Cela faisait maintenant deux bonnes heures qu'ils déambulaient dans la forêt sans rencontrer le moindre animal. Pour autant, Harry ne s'ennuyait pas. Draco était un excellent connaisseur du milieu forestier et c'était un plaisir de le voir à l'œuvre.
Soudain, Harry remarqua un mouvement sur sa droite.
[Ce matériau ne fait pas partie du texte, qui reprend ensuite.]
(* Let $\{U_N(i)\}_{i=1}^{M_N}$, $N\ge1$, be a triangular array and $\{\mathcal F_N\}$ a filtration as described. Assume there exist nonnegative random variables $V_N,X_N,Y_N$ such that (i) $\max_{i\le M_N}|U_N(i)|\le V_N+X_NY_N^2$ a.s. for all $N$; (ii) $V_N$ and $X_N$ are $\mathcal F_N$-measurable, $V_N\to0$ in probability, and $\lim_{\lambda\to\infty}\sup_N\mathbb P(X_N\ge\lambda)=0$; (iii) for some $\alpha\in\{1,2\}$, $\nu>0$, $c>0$, $C>0$, a.s. for all $y>0$ and $N$, $\mathbb P(Y_N\ge y\mid\mathcal F_N)\le CM_N\exp(-cM_N^{\nu}y^{2\alpha})$. Then for $p\in\{1,2\}$: if $\lim_{\lambda\to\infty}\sup_N\mathbb P\big(\sum_{i=1}^{M_N}\mathbb E[|U_N(i)|^p\mid\mathcal F_N]\ge\lambda\big)=0$, then for every $\varepsilon>0$, $$\sum_{i=1}^{M_N}\mathbb E\big[|U_N(i)|^p\mathbf 1\{|U_N(i)|\ge\varepsilon\}\mid\mathcal F_N\big]\to0\quad\text{in probability as }N\to\infty.$$
   Context: $(\Omega,\mathcal A,\{\mathcal F_N\}_{N\ge0},\mathbb P)$ is a filtered probability space and $\{M_N\}$ a sequence of positive integers with $M_N\to\infty$. For each $N$, $U_N(1),\dots,U_N(M_N)$ are real random variables that are conditionally independent given $\mathcal F_N$ with $\mathbb E[|U_N(i)|\mid\mathcal F_N]<\infty$ a.s. (and $\mathbb E[U_N(i)^2\mid\mathcal F_N]<\infty$ a.s. when $p=2$). *)

From HB Require Import structures.
From mathcomp Require Import all_boot all_order all_algebra.
From mathcomp Require Import all_classical all_reals all_analysis measurable_realfun.
Set Implicit Arguments. Unset Strict Implicit. Unset Printing Implicit Defensive.
Import Order.TTheory GRing.Theory Num.Theory.
Import numFieldNormedType.Exports.
Local Open Scope classical_set_scope.
Local Open Scope ring_scope.

Definition sub_sigma_algebra d (T : measurableType d) (G : set (set T)) :=
  sigma_algebra setT G /\ G `<=` measurable.

Definition filtration d (T : measurableType d) (F : nat -> set (set T)) :=
  (forall N, sub_sigma_algebra (F N)) /\ (forall N, F N `<=` F N.+1).

Definition G_measurable d (T : measurableType d) (R : realType)
  (G : set (set T)) (Z : T -> \bar R) :=
  forall B : set (\bar R), measurable B -> G (Z @^-1` B).

(** [Z] is a version of the conditional expectation E[X | G], for a
    nonnegative (extended-real valued) random variable X:
    Z is G-measurable and int_A Z dP = int_A X dP for every A in G. *)
Definition is_cond_exp d (T : measurableType d) (R : realType)
  (P : probability T R) (G : set (set T)) (X Z : T -> \bar R) :=
  G_measurable G Z /\
  forall A, G A -> (\int[P]_(x in A) Z x = \int[P]_(x in A) X x)%E.

Definition cond_exp_finite d (T : measurableType d) (R : realType)
  (P : probability T R) (G : set (set T)) (X : T -> \bar R) :=
  forall Z, is_cond_exp P G X Z -> {ae P, forall x, (Z x < +oo)%E}.

(** Conditional independence of X_0, ..., X_{n-1} given G:
    for all Borel sets B_i, P(cap_i {X_i in B_i} | G) = prod_i P(X_i in B_i | G)
    a.s. (stated as: the product of any versions of the conditional
    probabilities is a version of the joint conditional probability). *)
Definition cond_indep d (T : measurableType d) (R : realType)
  (P : probability T R) (G : set (set T)) (n : nat) (X : 'I_n -> T -> R) :=
  forall (B : 'I_n -> set R), (forall i, measurable (B i)) ->
  forall q : 'I_n -> T -> \bar R,
    (forall i, is_cond_exp P G (fun x => (\1_(X i @^-1` B i) x)%:E) (q i)) ->
    is_cond_exp P G
      (fun x => (\1_(\bigcap_(i in [set: 'I_n]) (X i @^-1` B i)) x)%:E)
      (fun x => (\prod_(i < n) q i x)%E).

Definition cvg_in_prob0 d (T : measurableType d) (R : realType)
  (P : probability T R) (Z : nat -> T -> \bar R) :=
  forall delta : R, 0 < delta ->
    (fun N => P [set x | (delta%:E <= `|Z N x|)%E]) @ \oo --> 0%E.

Definition tight d (T : measurableType d) (R : realType)
  (P : probability T R) (Z : nat -> T -> \bar R) :=
  (fun lambda : R =>
     ereal_sup [set P [set x | (lambda%:E <= Z N x)%E] | N in [set: nat]])
  @ +oo --> 0%E.

(* On the F_N-measurable event {V_N < eps/2, X_N < K}, whose complement has
   small probability by (ii), |U_N(i)| >= eps forces Y_N >= y0 := sqrt(eps/2K),
   and |U_N(i)|^p is at most a constant times exp(4 Y_N).  Slicing Y_N into
   unit layers above y0 and applying the conditional tail bound (iii) on each
   layer bounds every E[|U_N(i)|^p 1{|U_N(i)| >= eps} | F_N] on that event by
   C' M_N exp(-c M_N^nu y0^(2 alpha) / 2), so the sum over i <= M_N is
   O(M_N^2 exp(-c' M_N^nu)) and Markov's inequality concludes. *)

From Pilot Require Import Defs.
From HB Require Import structures.
From mathcomp Require Import all_boot all_order all_algebra.
From mathcomp Require Import all_classical all_reals all_analysis measurable_realfun.
From mathcomp Require Import lra ring.
Set Implicit Arguments. Unset Strict Implicit. Unset Printing Implicit Defensive.
Import Order.TTheory GRing.Theory Num.Theory.
Import numFieldNormedType.Exports.
Local Open Scope classical_set_scope.
Local Open Scope ring_scope.

Section SubSigmaAlgebra.
Context d (T : measurableType d) (G : set (set T)).
Hypothesis subG : Defs.sub_sigma_algebra G.

Lemma sub_sigma_algebra_measurable A : G A -> measurable A.
Proof. by case: subG => _; apply. Qed.

Lemma sub_sigma_algebraI A B : G A -> G B -> G (A `&` B).
Proof.
have [_ _ _] := (sigma_algebraP (fun A _ => @subsetT _ A)).1 (proj1 subG).
exact.
Qed.

Lemma G_measurable_fun (R : realType) (Z : T -> \bar R) :
  G_measurable G Z -> measurable_fun setT Z.
Proof. by move=> GZ _ B mB; rewrite setTI; apply/sub_sigma_algebra_measurable/GZ. Qed.

Lemma G_preimage_measurable_fun (R : realType) (f : T -> R) :
  (forall B, measurable B -> G (f @^-1` B)) -> measurable_fun setT f.
Proof. by move=> Gf _ B mB; rewrite setTI; apply/sub_sigma_algebra_measurable/Gf. Qed.

End SubSigmaAlgebra.

Section Asymptotics.
Context (R : realType).

Lemma nonneg_cvge0P {I} (F : set_system I) {FF : Filter F} (u : I -> \bar R) :
  (forall t, (0 <= u t)%E) ->
  u @ F --> 0%E <-> forall e : R, 0 < e -> \forall t \near F, (u t <= e%:E)%E.
Proof.
move=> u0; split=> [/fine_cvgP [ufin /cvgr0Pnorm_le u0F] e e0|ule].
  apply: filterS2 ufin (u0F e e0) => t ut; rewrite -(fineK ut) lee_fin.
  by rewrite /= ger0_norm // fine_ge0.
apply/fine_cvgP; split.
  apply: filterS (ule 1 ltr01) => t ut1.
  by rewrite ge0_fin_numE // (le_lt_trans ut1) // ltey.
apply/cvgr0Pnorm_le => e e0; apply: filterS2 (ule e e0) (ule 1 ltr01) => t ute ut1.
have ut : u t \is a fin_num by rewrite ge0_fin_numE // (le_lt_trans ut1) // ltey.
by rewrite /= ger0_norm ?fine_ge0 // -lee_fin fineK.
Qed.

Lemma tight_le d (T : measurableType d) (P : probability T R) (Z : nat -> T -> \bar R) :
  tight P Z -> forall e : R, 0 < e ->
  exists2 K : R, 0 < K & forall N, (P [set x | (K%:E <= Z N x)%E] <= e%:E)%E.
Proof.
move=> /nonneg_cvge0P tZ e e0.
have /tZ /(_ e e0) Zsmall : forall l : R,
    (0 <= ereal_sup [set P [set x | (l%:E <= Z N x)%E] | N in [set: nat]])%E.
  move=> l; apply: le_trans (ereal_sup_ubound _); last by exists 0%N.
  exact: measure_ge0.
have [K [K0 ZK]] := filter_ex
  (filterS2 _ (fun K K0 ZK => conj K0 ZK) (nbhs_pinfty_gt (num_real 0)) Zsmall).
by exists K => // N; apply: le_trans ZK; apply: ereal_sup_ubound; exists N.
Qed.

Lemma powR_nat_near_oo (nu L : R) : 0 < nu -> \forall n \near \oo, L <= n%:R `^ nu.
Proof.
move=> nu0; set L' := Num.max L 1.
apply: filterS (nbhs_infty_ger (L' `^ nu^-1)) => n Ln.
have L'1 : 1 <= L' by rewrite le_max lexx orbT.
apply: (@le_trans _ _ L'); first by rewrite le_max lexx.
apply: (@le_trans _ _ ((L' `^ nu^-1) `^ nu)).
  by rewrite -powRrM mulVf ?gt_eqF // powRr1 //; lra.
by apply: ge0_ler_powR; rewrite ?nnegrE ?powR_ge0 ?ler0n // ltW.
Qed.

Lemma near_oo_comp (M : nat -> nat) (Q : nat -> Prop) :
  (forall K, exists N0, forall N, (N0 <= N)%N -> (K <= M N)%N) ->
  (\forall n \near \oo, Q n) -> \forall N \near \oo, Q (M N).
Proof. by move=> Moo [n0 _ Qn]; have [N0 MN0] := Moo n0; exists N0 => // N /MN0 /Qn. Qed.

End Asymptotics.

Section RealBounds.
Context (R : realType).

Lemma exprn_le_sqr (u B : R) (p : nat) :
  0 <= u -> u <= B -> 1 <= B -> (p <= 2)%N -> u ^+ p <= B ^+ 2.
Proof.
move=> u0 uB B1 p2; apply: (@le_trans _ _ (B ^+ p)).
  by rewrite lerXn2r // nnegrE (le_trans u0).
exact: ler_weXn2l.
Qed.

Lemma exprD1_le_expR (y : R) (n : nat) : 0 <= y -> (1 + y) ^+ n <= expR (n%:R * y).
Proof.
move=> y0; rewrite expRM_natl; apply: lerXn2r; rewrite ?nnegrE ?expR_ge0 ?addr_ge0 //.
exact: expR_ge1Dx.
Qed.

Lemma expR_Nnat_le_invX (k : nat) : expR (- k%:R) <= (2 ^+ k)^-1 :> R.
Proof.
rewrite expRN -[k%:R]mulr1 expRM_natl lef_pV2 ?posrE ?exprn_gt0 ?expR_gt0 //.
apply: lerXn2r; rewrite ?nnegrE ?expR_ge0 //.
by have := expR_ge1Dx (1 : R).
Qed.

Lemma tail_exponent_le (a y0 s : R) (n : nat) :
  0 < y0 -> y0 <= s -> (0 < n)%N -> 10 * y0 <= a * y0 ^+ n ->
  5 * s - a * s ^+ n <= - (a * y0 ^+ n / 2).
Proof.
case: n => // n y0_gt0 y0s _; rewrite !exprS => ay0.
have s_gt0 : 0 < s := lt_le_trans y0_gt0 y0s.
have y0s_n : y0 ^+ n <= s ^+ n by rewrite lerXn2r // nnegrE ltW.
have a10 : 10 <= a * y0 ^+ n by rewrite -(ler_pM2l y0_gt0); nra.
have a_gt0 : 0 < a by rewrite -(pmulr_lgt0 _ (exprn_gt0 n y0_gt0)); lra.
have as10 : 10 * s <= a * (s * s ^+ n).
  have : a * y0 ^+ n <= a * s ^+ n by rewrite ler_pM2l.
  nra.
have : a * (y0 * y0 ^+ n) <= a * (s * s ^+ n).
  by rewrite ler_pM2l // ler_pM ?exprn_ge0 // ltW.
lra.
Qed.

Lemma nneseries_geometric_half (r : R) :
  (\sum_(k <oo) (r / 2 ^+ k.+1)%:E = r%:E)%E.
Proof.
have := @cvg_geometric_eseries_half R r 0; rewrite expr0 divr1 => /cvg_lim <- //.
by apply: eq_eseriesr => k _; rewrite natrX addn1.
Qed.

Lemma sqr_expR_powR_le_inv (a nu : R) : 0 < a -> 0 < nu -> exists2 k, 0 < k &
  forall x, 1 <= x -> x ^+ 2 * expR (- (a * x `^ nu)) <= k / x.
Proof.
move=> a0 nu0; set r := 3 / nu.
have r0 : 0 < r by rewrite divr_gt0.
set k := (a / r) `^ r.
have k0 : 0 < k by rewrite powR_gt0 // divr_gt0.
exists k^-1; first by rewrite invr_gt0.
move=> x x1.
have x0 : 0 < x by lra.
have hx : 0 <= x `^ nu by exact: powR_ge0.
have he : k * x ^+ 3 <= expR (a * x `^ nu).
  have -> : a * x `^ nu = (a * x `^ nu / r) * r by rewrite divfK // gt_eqF.
  rewrite expRM.
  apply: (@le_trans _ _ ((a * x `^ nu / r) `^ r)); last first.
    apply: ge0_ler_powR; rewrite ?nnegrE ?expR_ge0 ?ltW //.
    - by apply: divr_gt0 => //; apply: mulr_gt0 => //; apply: powR_gt0.
    by have := expR_ge1Dx (a * x `^ nu / r); lra.
  have -> : a * x `^ nu / r = (a / r) * x `^ nu by rewrite mulrAC.
  have ar : 0 <= a / r by rewrite divr_ge0 // ltW.
  rewrite (powRM _ ar hx) -powRrM.
  have -> : nu * r = 3%:R by rewrite /r mulrC divfK // gt_eqF.
  by rewrite powR_mulrn // ltW.
rewrite expRN.
apply: (@le_trans _ _ (x ^+ 2 / (k * x ^+ 3))).
  apply: ler_wpM2l; first by rewrite exprn_ge0 // ltW.
  by rewrite lef_pV2 // posrE ?expR_gt0 // mulr_gt0 // exprn_gt0.
have -> : x ^+ 2 / (k * x ^+ 3) = k^-1 / x by field; rewrite !gt_eqF.
by [].
Qed.

Lemma sqr_expR_powR_near_oo (B a nu e : R) : 0 <= B -> 0 < a -> 0 < nu -> 0 < e ->
  \forall n \near \oo, B * (n%:R ^+ 2 * expR (- (a * n%:R `^ nu))) <= e.
Proof.
move=> B0 a0 nu0 e0; have [k k0 le_k] := sqr_expR_powR_le_inv a0 nu0.
near=> n.
have n1 : 1 <= n%:R :> R by near: n; exact: nbhs_infty_ger.
have nBk : B * k / e <= n%:R by near: n; exact: nbhs_infty_ger.
apply: (@le_trans _ _ (B * (k / n%:R))); first by rewrite ler_wpM2l // le_k.
rewrite mulrA ler_pdivrMr; last by lra.
by move: nBk; rewrite ler_pdivrMr // [e * _]mulrC.
Unshelve. all: by end_near.
Qed.

Lemma exists_gt0_mulr_sqr_le (K e : R) : 0 < K -> 0 < e ->
  exists2 y0, 0 < y0 & K * y0 ^+ 2 <= e.
Proof.
move=> K_gt0 e_gt0; exists (Num.sqrt (e / K)); first by rewrite sqrtr_gt0 divr_gt0.
by rewrite sqr_sqrtr ?divr_ge0 ?(ltW e_gt0) ?(ltW K_gt0) // mulrC divfK ?gt_eqF.
Qed.

Lemma tail_parameters_near_oo (c nu y0 B e : R) (n : nat) :
  0 < c -> 0 < nu -> 0 < y0 -> 0 <= B -> 0 < e ->
  \forall m \near \oo, 10 * y0 <= c * m%:R `^ nu * y0 ^+ n /\
    B * (m%:R ^+ 2 * expR (- (c * y0 ^+ n / 2 * m%:R `^ nu))) <= e.
Proof.
move=> c_gt0 nu_gt0 y0_gt0 B_ge0 e_gt0; near=> m; split.
  have : 10 * y0 / (c * y0 ^+ n) <= m%:R `^ nu by near: m; exact: powR_nat_near_oo.
  by rewrite ler_pdivrMr ?mulr_gt0 ?exprn_gt0 // mulrCA mulrA.
near: m; apply: sqr_expR_powR_near_oo => //.
by rewrite divr_gt0 ?mulr_gt0 ?exprn_gt0.
Unshelve. all: by end_near.
Qed.

End RealBounds.

Section ProbabilityBounds.
Context d (T : measurableType d) (R : realType) (P : probability T R).
Local Open Scope ereal_scope.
A l'aide des jumelles, il avisa un chevreuil à une soixantaine de mètres. Il donna un petit coup de coude à Malefoy en lui faisant un signe de tête. En une seconde, le blond avait repéré l'animal, évalué la distance et armé son fusil.
D'un bras, il recula Harry derrière lui, épaula son arme, visa et tira. La détonation fut assourdissante. D'un coup d'œil dans ses jumelles, Malefoy eut la confirmation qu'il avait atteint sa cible.
- Et voilà, chuchota-t-il. Blaise a son repas de Nouvel An.
Ils s'approchèrent de l'animal, étendu sur la couche d'humus qui recouvrait le sol. Malefoy avait tiré avec adresse car la bête était morte sur le coup.
A l'aide de sa baguette, le blond jeta un sort sur le chevreuil pour empêcher les charognards de l'approcher, le temps qu'ils puissent revenir le récupérer.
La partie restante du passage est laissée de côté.